Run the writing table:

guix shell -m manifest.scm -- env CC=gcc cargo bench --bench performance --all-features -- --noplot writing

Python benchmark notes are in README.md.

Local Development

This repository uses a Guix manifest for local development:

guix shell -m manifest.scm --

Common gates:

cargo fmt --all -- --check
guix shell -m manifest.scm -- actionlint
cargo clippy --all-targets --all-features -- -D warnings
cargo test --all-features
cargo bench --all-features --no-run

Build and test the Python wheel:

guix shell -m manifest.scm -- maturin build --release --out target/wheels
rm -rf target/python-test
python3 - <<'PY'
from pathlib import Path
from zipfile import ZipFile

wheel = sorted(Path("target/wheels").glob("citerra-*.whl"))[-1]
target = Path("target/python-test")
target.mkdir(parents=True, exist_ok=True)
with ZipFile(wheel) as archive:
    archive.extractall(target)
PY
guix shell -m manifest.scm -- env PYTHONPATH=target/python-test python3 -m pytest tests/python

Python Package

The Python package is citerra.

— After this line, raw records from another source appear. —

(* Let $S$ be a semigroup, let $a\in S$, and define $P=\{x\in Sa : x\,\mathscr L\, ax\}$. Then the set of regular elements of the semigroup $Sa$ is $$\operatorname{Reg}(Sa)=\operatorname{Reg}(S)\cap P.$$
   Context: $Sa=\{xa:x\in S\}$ is the principal left ideal generated by $a$, regarded as a semigroup in its own right. For a semigroup $T$, $\operatorname{Reg}(T)=\{x\in T: x=xyx \text{ for some } y\in T\}$. $\mathscr L$ denotes Green's $\mathscr L$-relation on $S$: $x\,\mathscr L\, y$ iff $S^1x=S^1y$, where $S^1$ is $S$ with an identity adjoined if $S$ is not a monoid. *)

Definition in_Sa {S : Type} (mul : S -> S -> S) (a x : S) : Prop :=
  exists s : S, x = mul s a.

(* Membership in S^1 x (with S^1 = S with an identity adjoined):
   z \in S^1 x  iff  z = x  or  z = s x for some s in S. *)
Definition in_S1x {S : Type} (mul : S -> S -> S) (x z : S) : Prop :=
  z = x \/ exists s : S, z = mul s x.

Definition greenL {S : Type} (mul : S -> S -> S) (x y : S) : Prop :=
  forall z : S, in_S1x mul x z <-> in_S1x mul y z.

Definition regular {S : Type} (mul : S -> S -> S) (x : S) : Prop :=
  exists y : S, x = mul (mul x y) x.

Definition regular_in_Sa {S : Type} (mul : S -> S -> S) (a x : S) : Prop :=
  in_Sa mul a x /\ exists y : S, in_Sa mul a y /\ x = mul (mul x y) x.

Definition inP {S : Type} (mul : S -> S -> S) (a x : S) : Prop :=
  in_Sa mul a x /\ greenL mul x (mul a x).

From Stdlib Require Import Setoid.

(* Since a x always lies in S^1 x, the relation x L a x reduces to x in S^1 a x.
   Writing y = s a, the condition x = x y x with y in S a is x = (x s)(a x), which
   puts x in S^1 a x; conversely, if x = x y x and x = t a x with t in S^1, then
   x = x (y t a) x with y t a in S a. *)

Section PrincipalLeftIdeal.

Variables (S : Type) (mul : S -> S -> S).
Hypothesis mulA : forall x y z : S, mul x (mul y z) = mul (mul x y) z.

Lemma in_S1x_mull (x s : S) : in_S1x mul x (mul s x).
Proof. right; exists s; reflexivity. Qed.

Lemma in_S1x_trans (x y z : S) :
  in_S1x mul x y -> in_S1x mul y z -> in_S1x mul x z.
Proof.
  intros Hxy [-> | [s ->]]; [exact Hxy|].
  destruct Hxy as [-> | [t ->]]; right.
  - exists s; reflexivity.
  - exists (mul s t); apply mulA.
Qed.

Lemma greenLP (x y : S) : greenL mul x y <-> in_S1x mul y x /\ in_S1x mul x y.
Proof.
  split.
  - intros HL; split.
    + apply HL; left; reflexivity.
    + apply HL; left; reflexivity.
  - intros [Hyx Hxy] z; split; [apply in_S1x_trans; exact Hyx|].
    apply in_S1x_trans; exact Hxy.
Qed.

Lemma greenL_mull_iff (a x : S) :
  greenL mul x (mul a x) <-> in_S1x mul (mul a x) x.
Proof.
  rewrite greenLP; split; [intros [H _]; exact H|].
  intros H; split; [exact H | apply in_S1x_mull].
Qed.

Lemma regular_in_SaP (a x : S) :
  regular_in_Sa mul a x <->
  in_Sa mul a x /\ exists s : S, x = mul (mul x s) (mul a x).
Proof.
  split.
  - intros [Hx [y [[s ->] Hr]]]; split; [exact Hx|].
    exists s; rewrite Hr at 1; rewrite !mulA; reflexivity.
  - intros [Hx [s Hs]]; split; [exact Hx|].
    exists (mul s a); split; [exists s; reflexivity|].
    rewrite Hs at 1; rewrite !mulA; reflexivity.
Qed.

Lemma regular_in_S1x_factor (a x : S) :
  regular mul x -> in_S1x mul (mul a x) x ->
  exists s : S, x = mul (mul x s) (mul a x).
Proof.
  intros [y Hr] [Hax | [t Hax]].
  - exists y; rewrite Hr at 1; rewrite Hax at 2; reflexivity.
  - exists (mul y t); rewrite Hr at 1; rewrite Hax at 2; rewrite !mulA; reflexivity.
Qed.

End PrincipalLeftIdeal.

Theorem theorem3p2 (S : Type) (mul : S -> S -> S)
  (mulA : forall x y z : S, mul x (mul y z) = mul (mul x y) z)
  (a : S) :
  forall x : S, regular_in_Sa mul a x <-> (regular mul x /\ inP mul a x).
Proof.
  intros x; unfold inP; rewrite greenL_mull_iff, regular_in_SaP by exact mulA.
  split.
  - intros [Hx [s Hs]]; repeat split; [| exact Hx |].
    + exists (mul s a); rewrite Hs at 1; rewrite !mulA; reflexivity.
    + right; exists (mul x s); exact Hs.
  - intros [Hreg [Hx Hax]]; split; [exact Hx|].
    apply regular_in_S1x_factor; assumption.
Qed.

See README.md.

Release Process

The release workflow builds the Rust crate, Python source distribution, and ABI3 wheels for Linux, macOS, and Windows. Tagging vX.Y.Z runs release validation, creates a GitHub release, publishes to crates.io, and publishes to PyPI when the required repository environments and secrets are configured.

See RELEASE.md for the exact release gates and setup requirements.

License

Licensed under either of Apache-2.0 or MIT, at your option.